Specifically, Calais 4.0 goes beyond metatagging and enables publishers to integrate their content with Linked Data assets from Wikipedia, GeoNames, the Internet Movie Database (IMDB), Shopping.com and others. Calais 4.0 also lets publishers share semantic metadata about their content with “content consumers” such as search engines, news aggregators, related stories recommendation services and more.
ReadWriteWeb named Calais as one of our top 10 Semantic Web Apps of 2008, due to the progress it made last year. Since launching the Open Calais API early in 2008, over 9,000 developers have registered with it and Calais has processed 200+ million articles.
What’s New in 4.0
We spoke with Thomas Tague, Calais lead at Thomson Reuters, about what specifically is new with Calais 4.0 and what use cases we might see over the coming year for it.

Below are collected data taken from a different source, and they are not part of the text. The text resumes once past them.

(* If |w - v| < eps then argmax^eps(w) and argmax^eps(v) intersect: otherwise the
   largest coordinates of w and of v lying outside their own inflated argmax are
   both far from the regions R_j, and the two deficits add up to |w - v|^2 >= eps^2
   because eps^2 = 2 (eps / sqrt 2)^2.  Hence each unstable index i contributes at
   least eps^2 to S = sum_i |A~(D) - A~(D^{\i})|^2, and it suffices to bound S by
   p/(1-p) * n/(n-1) * (1 - 1/L).
   Regard a bag r as drawn uniformly.  A~(D^{\i}) is the mean of Y(r) = A(D^r)
   over the bags avoiding i, so A~(D) - A~(D^{\i}) = Cov(Y, Z_i) / (1 - p) with
   Z_i = (1 - p) - 1{r avoids i}.  The Z_i have variance p(1 - p) and pairwise
   covariance kappa <= 0, so their Gram matrix has norm at most p(1 - p) - kappa
   <= p(1 - p) n/(n-1); by duality sum_i Cov(Y, Z_i)^2 is at most this norm
   times Var(Y), and Var(Y) <= 1 - 1/L for simplex-valued Y. *)

From HB Require Import structures.
From mathcomp Require Import all_boot all_order all_algebra.
From mathcomp Require Import ring lra zify.
From mathcomp Require Import boolp classical_sets reals.
Import Order.TTheory GRing.Theory Num.Theory.
Local Open Scope ring_scope.
Set Implicit Arguments. Unset Strict Implicit. Unset Printing Implicit Defensive.

Lemma sum_indicator (R : nzSemiRingType) (T : finType) (P Q : pred T) (F : T -> R) :
  \sum_(r | P r) (Q r)%:R * F r = \sum_(r | P r && Q r) F r.
Proof. by rewrite big_mkcondr /=; apply: eq_bigr => r _; case: (Q r); rewrite ?mul1r ?mul0r. Qed.

Lemma sum1_card (R : nzSemiRingType) (T : finType) (P : pred T) : \sum_(r | P r) (1 : R) = #|P|%:R.
Proof. by rewrite sumr_const. Qed.

Lemma sum_sq_le_sqr_sum (R : numDomainType) (I : finType) (f : I -> R) :
  (forall i, 0 <= f i) -> \sum_i f i ^+ 2 <= (\sum_i f i) ^+ 2.
Proof.
move=> f_ge0; rewrite [leRHS]expr2 mulr_suml; apply: ler_sum => i _.
by rewrite expr2 ler_wpM2l // (bigD1 i) //= lerDl sumr_ge0.
Qed.

Lemma card_mul_le_sum (R : numDomainType) (I : finType) (B : {set I}) (f : I -> R) c :
  (forall i, 0 <= f i) -> (forall i, i \in B -> c <= f i) -> #|B|%:R * c <= \sum_i f i.
Proof.
move=> f_ge0 f_ge; have -> : #|B|%:R * c = \sum_(i in B) c by rewrite sumr_const mulr_natl.
rewrite [leRHS](bigID (mem B)) /= -[leLHS]addr0.
by apply: lerD; [exact: ler_sum | exact: sumr_ge0].
Qed.

Lemma in_simplex_dim_gt0 (R : realType) (L : nat) (w : 'I_L -> R) :
  in_simplex w -> (0 < L)%N.
Proof.
case=> _ w_sum; rewrite lt0n; apply/eqP => L0; subst L.
by move: w_sum; rewrite big_ord0 => /eqP; rewrite eq_sym oner_eq0.
Qed.

Section Averages.
Variables (R : realFieldType) (T : finType) (P : pred T).

Definition mass : R := \sum_(r | P r) 1.

Definition mean (y : T -> R) : R := mass^-1 * \sum_(r | P r) y r.

Lemma sum_const_mass (c : R) : \sum_(r | P r) c = c * mass.
Proof. by rewrite /mass mulr_sumr; apply: eq_bigr => r _; rewrite mulr1. Qed.

Lemma sum_eq_mass_mean (y : T -> R) : 0 < mass -> \sum_(r | P r) y r = mass * mean y.
Proof. by move=> m_gt0; rewrite /mean mulrA mulfV ?mul1r // gt_eqF. Qed.

Lemma sum_dev_sq (y : T -> R) : 0 < mass ->
  \sum_(r | P r) (y r - mean y) ^+ 2 = \sum_(r | P r) y r ^+ 2 - mass * mean y ^+ 2.
Proof.
move=> m_gt0.
have -> : \sum_(r | P r) (y r - mean y) ^+ 2 =
    \sum_(r | P r) (y r ^+ 2 - 2 * mean y * y r + mean y ^+ 2).
  by apply: eq_bigr => r _; ring.
rewrite big_split /= sumrB sum_const_mass -mulr_sumr (sum_eq_mass_mean y) //; ring.
Qed.

Lemma sum_sq_inner_le (n : nat) (Z : 'I_n -> T -> R) (M : R) (y : T -> R) :
  0 < M ->
  (forall a : 'I_n -> R, \sum_(r | P r) (\sum_i a i * Z i r) ^+ 2 <= M * \sum_i a i ^+ 2) ->
  \sum_i (\sum_(r | P r) y r * Z i r) ^+ 2 <= M * \sum_(r | P r) y r ^+ 2.
Proof.
move=> M_gt0 frameZ.
pose e i := \sum_(r | P r) y r * Z i r.
pose V r := \sum_i e i * Z i r.
pose S := \sum_i e i ^+ 2.
have S_inner : S = \sum_(r | P r) y r * V r.
  rewrite /S /V; under eq_bigr => i _ do rewrite expr2 {2}/e mulr_sumr.
  rewrite exchange_big /=; apply: eq_bigr => r _.
  by rewrite mulr_sumr; apply: eq_bigr => i _; ring.
have V_le : \sum_(r | P r) V r ^+ 2 <= M * S := frameZ e.
(* Weighted AM-GM: [2 M S = 2 M <y, V> <= M^2 |y|^2 + |V|^2 <= M^2 |y|^2 + M S]. *)
have amgm r : 2 * M * (y r * V r) <= M ^+ 2 * y r ^+ 2 + V r ^+ 2.
  have := sqr_ge0 (M * y r - V r).
  have -> : (M * y r - V r) ^+ 2 = M ^+ 2 * y r ^+ 2 + V r ^+ 2 - 2 * M * (y r * V r) by ring.
  lra.
have : 2 * M * S <= M ^+ 2 * \sum_(r | P r) y r ^+ 2 + M * S.
  rewrite {1}S_inner mulr_sumr mulr_sumr; apply: le_trans (lerD (lexx _) V_le).
  by rewrite -big_split /=; apply: ler_sum => r _; exact: amgm.
have -> : M ^+ 2 * \sum_(r | P r) y r ^+ 2 = M * (M * \sum_(r | P r) y r ^+ 2) by ring.
move=> h; have : M * S <= M * (M * \sum_(r | P r) y r ^+ 2) by lra.
by rewrite ler_pM2l.
Qed.

Lemma sum_sq_simplex_le1 (L : nat) (w : 'I_L -> R) :
  (forall j, 0 <= w j) -> \sum_j w j = 1 -> \sum_j w j ^+ 2 <= 1.
Proof.
move=> w_ge0 w_sum; rewrite -[leRHS]w_sum; apply: ler_sum => j _.
have wj_le1 : w j <= 1 by rewrite -w_sum (bigD1 j) //= lerDl sumr_ge0.
by have := w_ge0 j; rewrite expr2; nra.
Qed.

Lemma invn_le_sum_sq (L : nat) (w : 'I_L -> R) :
  (0 < L)%N -> \sum_j w j = 1 -> L%:R^-1 <= \sum_j w j ^+ 2.
Proof.
move=> L_gt0 w_sum; have L_neq0 : (L%:R : R) != 0 by rewrite pnatr_eq0 -lt0n.
have : 0 <= \sum_j (w j - L%:R^-1) ^+ 2 by apply: sumr_ge0 => j _; exact: sqr_ge0.
have -> : \sum_j (w j - L%:R^-1) ^+ 2 =
          \sum_j (w j ^+ 2 - 2 * L%:R^-1 * w j + L%:R^-1 ^+ 2).
  by apply: eq_bigr => j _; ring.
rewrite big_split /= sumrB -mulr_sumr w_sum sumr_const card_ord.
have -> : L%:R^-1 ^+ 2 *+ L = L%:R^-1 :> R by rewrite -mulr_natr expr2 -mulrA mulVf ?mulr1.
lra.
Qed.

Lemma sum_dev_sq_simplex_le (L : nat) (y : 'I_L -> T -> R) :
  0 < mass -> (0 < L)%N ->
  (forall r, P r -> (forall j, 0 <= y j r) /\ \sum_j y j r = 1) ->
  \sum_j \sum_(r | P r) (y j r - mean (y j)) ^+ 2 <= mass * (1 - L%:R^-1).
Proof.
move=> m_gt0 L_gt0 y_simplex.
under eq_bigr => j _ do rewrite sum_dev_sq //.
rewrite sumrB exchange_big /= -mulr_sumr.
have second_moment : \sum_(r | P r) \sum_j y j r ^+ 2 <= mass.
  rewrite /mass; apply: ler_sum => r /y_simplex [y_ge0 y_sum].
  exact: sum_sq_simplex_le1.
have mean_sum : \sum_j mean (y j) = 1.
  rewrite /mean -mulr_sumr exchange_big /=.
  under eq_bigr => r /y_simplex [_ ->] do [].
  by rewrite -/mass mulVf // gt_eqF.
have := invn_le_sum_sq L_gt0 mean_sum.
rewrite -(ler_pM2l m_gt0); lra.
Qed.

End Averages.

Section CenteredIndicators.
Variables (R : realFieldType) (T : finType) (P : pred T).
Variables (n : nat) (u : 'I_n -> pred T) (p q : R).

Local Notation mass := (mass R P).

Definition centered (i : 'I_n) (r : T) : R := (1 - p) - (u i r)%:R.

Definition mean_on (i : 'I_n) (y : T -> R) : R :=
  ((1 - p) * mass)^-1 * \sum_(r | P r) (u i r)%:R * y r.

Hypothesis sum_u : forall i, \sum_(r | P r) (u i r)%:R = (1 - p) * mass.
Hypothesis sum_uu : forall i k, i != k -> \sum_(r | P r) (u i r && u k r)%:R = q * mass.

Lemma sum_centered i : \sum_(r | P r) centered i r = 0.
Proof. by rewrite /centered sumrB sum_const_mass sum_u subrr. Qed.

Lemma sum_centered_mul i k : \sum_(r | P r) centered i r * centered k r =
  (if i == k then p * (1 - p) else q - (1 - p) ^+ 2) * mass.
Proof.
have expand r : centered i r * centered k r =
   (1 - p) ^+ 2 - (1 - p) * (u i r)%:R - (1 - p) * (u k r)%:R + (u i r && u k r)%:R.
  by rewrite /centered -mulnb natrM; ring.
under eq_bigr => r _ do rewrite expand.
rewrite big_split /= !sumrB sum_const_mass -!mulr_sumr !sum_u.
have [<- | ik] := eqVneq i k; last by rewrite sum_uu //; ring.
under eq_bigr => r _ do rewrite andbb.
by rewrite sum_u; ring.
Qed.

(* The Gram matrix of the centered indicators is [(v - kappa) I + kappa J] with
   [kappa <= 0], so its largest eigenvalue is at most [v - kappa]. *)
Lemma sum_centered_comb_sq_le (a : 'I_n -> R) :
  q - (1 - p) ^+ 2 <= 0 -> 0 <= mass ->
  \sum_(r | P r) (\sum_i a i * centered i r) ^+ 2 <=
  (p * (1 - p) - (q - (1 - p) ^+ 2)) * mass * \sum_i a i ^+ 2.
Proof.
move=> kappa_le0 m_ge0; set v := p * (1 - p); set kappa := q - (1 - p) ^+ 2.
have gram : \sum_(r | P r) (\sum_i a i * centered i r) ^+ 2 =
    \sum_i \sum_k a i * a k * (\sum_(r | P r) centered i r * centered k r).
  under eq_bigr => r _ do rewrite expr2 big_distrl /=.
  rewrite exchange_big /=; apply: eq_bigr => i _.
  under eq_bigr => r _ do rewrite mulr_sumr.
  rewrite exchange_big /=; apply: eq_bigr => k _.
  by rewrite mulr_sumr; apply: eq_bigr => r _; ring.
have row i : \sum_k a i * a k * (\sum_(r | P r) centered i r * centered k r) =
    mass * (kappa * a i * \sum_k a k + (v - kappa) * a i ^+ 2).
  under eq_bigr => k _ do rewrite sum_centered_mul.
  rewrite (bigD1 i) //= eqxx.
  have -> : \sum_(k | k != i) a i * a k * ((if i == k then v else kappa) * mass) =
            \sum_(k | k != i) kappa * mass * a i * a k.
    by apply: eq_bigr => k ki; rewrite eq_sym (negbTE ki); ring.
  by rewrite [\sum_k a k](bigD1 i) //= -!mulr_sumr /v /kappa; ring.
rewrite gram; under eq_bigr => i _ do rewrite row.
set S := \sum_k a k.
have -> : \sum_i mass * (kappa * a i * S + (v - kappa) * a i ^+ 2) =
    mass * kappa * S ^+ 2 + (v - kappa) * mass * \sum_i a i ^+ 2.
  rewrite -mulr_sumr big_split /= -[\sum_i (v - kappa) * a i ^+ 2]mulr_sumr.
  have -> : \sum_i kappa * a i * S = kappa * S * S by rewrite -mulr_suml -mulr_sumr.
  ring.
have : mass * kappa * S ^+ 2 <= 0 by rewrite mulr_le0_ge0 ?sqr_ge0 ?mulr_ge0_le0.
lra.
Qed.

Lemma mean_sub_mean_on (i : 'I_n) (y : T -> R) : 0 < mass -> p < 1 ->
  mean P y - mean_on i y = ((1 - p) * mass)^-1 * \sum_(r | P r) (y r - mean P y) * centered i r.
Proof.
move=> m_gt0 p_lt1.
have -> : \sum_(r | P r) (y r - mean P y) * centered i r =
    (1 - p) * \sum_(r | P r) y r - \sum_(r | P r) (u i r)%:R * y r
    - mean P y * \sum_(r | P r) centered i r.
  by rewrite !mulr_sumr -!sumrB; apply: eq_bigr => r _; rewrite /centered; ring.
rewrite sum_centered mulr0 subr0 sum_eq_mass_mean // /mean_on.
by field; rewrite !gt_eqF // subr_gt0.
Qed.

Lemma sum_sq_mean_sub_mean_on_le (L : nat) (y : 'I_L -> T -> R) (lam : R) :
  0 < mass -> (0 < L)%N -> 0 < p -> p < 1 ->
  (forall r, P r -> (forall j, 0 <= y j r) /\ \sum_j y j r = 1) ->
  q - (1 - p) ^+ 2 <= 0 -> p * (1 - p) - (q - (1 - p) ^+ 2) <= lam ->
  \sum_i \sum_j (mean P (y j) - mean_on i (y j)) ^+ 2 <= lam * (1 - L%:R^-1) / (1 - p) ^+ 2.
Proof.
move=> m_gt0 L_gt0 p_gt0 p_lt1 y_simplex kappa_le0 lam_ge.
set M := p * (1 - p) - (q - (1 - p) ^+ 2) in lam_ge.
have M_gt0 : 0 < M by rewrite /M; nra.
set c := ((1 - p) * mass)^-1.
have per_label j : \sum_i (mean P (y j) - mean_on i (y j)) ^+ 2 <=
    c ^+ 2 * (M * mass * \sum_(r | P r) (y j r - mean P (y j)) ^+ 2).
  under eq_bigr => i _ do rewrite mean_sub_mean_on // exprMn.
  rewrite -mulr_sumr ler_wpM2l ?sqr_ge0 //.
  apply: sum_sq_inner_le; first exact: mulr_gt0.
  by move=> a; apply: sum_centered_comb_sq_le => //; exact: ltW.
rewrite exchange_big /=; apply: le_trans (ler_sum _ (fun j _ => per_label j)) _.
rewrite -mulr_sumr -mulr_sumr.
apply: le_trans (ler_wpM2l (sqr_ge0 c) (ler_wpM2l (ltW (mulr_gt0 M_gt0 m_gt0))
  (sum_dev_sq_simplex_le m_gt0 L_gt0 y_simplex))) _.
have -> : c ^+ 2 * (M * mass * (mass * (1 - L%:R^-1))) = M * (1 - L%:R^-1) / (1 - p) ^+ 2.
  rewrite /c; field.
  by rewrite (gt_eqF m_gt0) pnatr_eq0 -lt0n L_gt0 gt_eqF ?subr_gt0.
rewrite -!mulrA ler_wpM2r // mulr_ge0 ?invr_ge0 ?sqr_ge0 // subr_ge0.
by rewrite invf_le1 ?ltr0n // ler1n.
Qed.

End CenteredIndicators.

Definition without_replacement (s : bag_scheme) : bool :=
  if s is Subbagging then true else false.

Definition nbags (s : bag_scheme) (m K : nat) : nat :=
  if without_replacement s then (K ^_ m)%N else (K ^ m)%N.

Definition bag_of (s : bag_scheme) {m K : nat} (r : {ffun 'I_m -> 'I_K}) : bool :=
  without_replacement s ==> injectiveb r.

Section BagCounts.
Variables (R : realFieldType) (s : bag_scheme) (m K : nat).


Lemma sum1_bags : \sum_(r : {ffun 'I_m -> 'I_K} | bag_of s r) (1 : R) = (nbags s m K)%:R.
Proof.
rewrite sum1_card /nbags /bag_of; congr _%:R.
case: (without_replacement s) => /=; last by rewrite card_ffun !card_ord.
have := card_inj_ffuns 'I_m 'I_K; rewrite !card_ord => <-.
by apply: eq_card => r; rewrite !inE.
Qed.

Lemma sum1_bags_avoid2 (i k : 'I_K) : i != k ->
  \sum_(r : {ffun 'I_m -> 'I_K} | bag_of s r) ([forall t, r t != i] && [forall t, r t != k])%:R =
  (nbags s m (K - 2))%:R :> R.
Proof.
move=> ik; have card_rest : #|[set: 'I_K] :\ i :\ k| = (K - 2)%N.
  have := cardsD1 k ([set: 'I_K] :\ i); have := cardsD1 i [set: 'I_K].
  rewrite !inE cardsT card_ord eq_sym ik /=.
  by move: #|_ :\ k| #|_ :\ i| => a b; lia.
set rest := _ :\ k in card_rest.
have avoid_on (r : {ffun 'I_m -> 'I_K}) :
    [forall t, r t != i] && [forall t, r t != k] = (r \in ffun_on rest).
  apply/andP/ffun_onP => [[/forallP ri /forallP rk] t | r_on].
    by rewrite !inE ri rk.
  by split; apply/forallP => t; have := r_on t; rewrite !inE => /and3P[].
rewrite (eq_bigr (fun r => (r \in ffun_on rest)%:R * 1)); last first.
  by move=> r _; rewrite avoid_on mulr1.
rewrite sum_indicator sum1_card /nbags /bag_of; congr _%:R.
case: (without_replacement s) => /=.
  have := card_inj_ffuns_on 'I_m (mem rest); rewrite card_ord card_rest => <-.
  by apply: eq_card => r; rewrite !inE andbC.
have := card_ffun_on 'I_m (mem rest); rewrite card_ord card_rest -cardsE => <-.
by apply: eq_card => r; rewrite !inE.
Qed.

Tague explained to ReadWriteWeb that there are 3 pillers to the Calais initiative:
1. Getting semantic data out of text; which is what the first 3 versions of Calais focused on.
2. Connecting that semantic data to the linked data world.
3. Providing some way for people to share metadata, for example syndicating it – which Tague termed the “transport” piller.
Calais 4.0, explained Tague, fills in the final 2 of those pillers. It supports approximately 25 entity types in Linked Data – URIs are de-referencable to Calais RDF pages. Thomson Reuters is also publishing their ontology in RDFS. Calais will contribute data too, which Thomson Reuters claims is “the first contribution to the Linked Data cloud made by a major publisher.” The data that Thomson Reuters is giving to the Linked Data world includes company descriptions, stock tickers, management teams and more. This data will be available to external developers to programmatically use in their apps.
Thomas Tague told ReadWriteWeb that Thomson Reuters has some big data assets and that over time “we’re going to populate linked data endpoints with Thomson Reuters data”. We asked Tague whether he thinks Calais 4.0 is the biggest commercial use of the Linked Data standard yet? He thinks it is; in his opinion, Linked Data has mostly been used so far for open data projects and relatively small sets of data. Tague said that “we fundamentally believe that companies need to jump into this [Linked Data]”.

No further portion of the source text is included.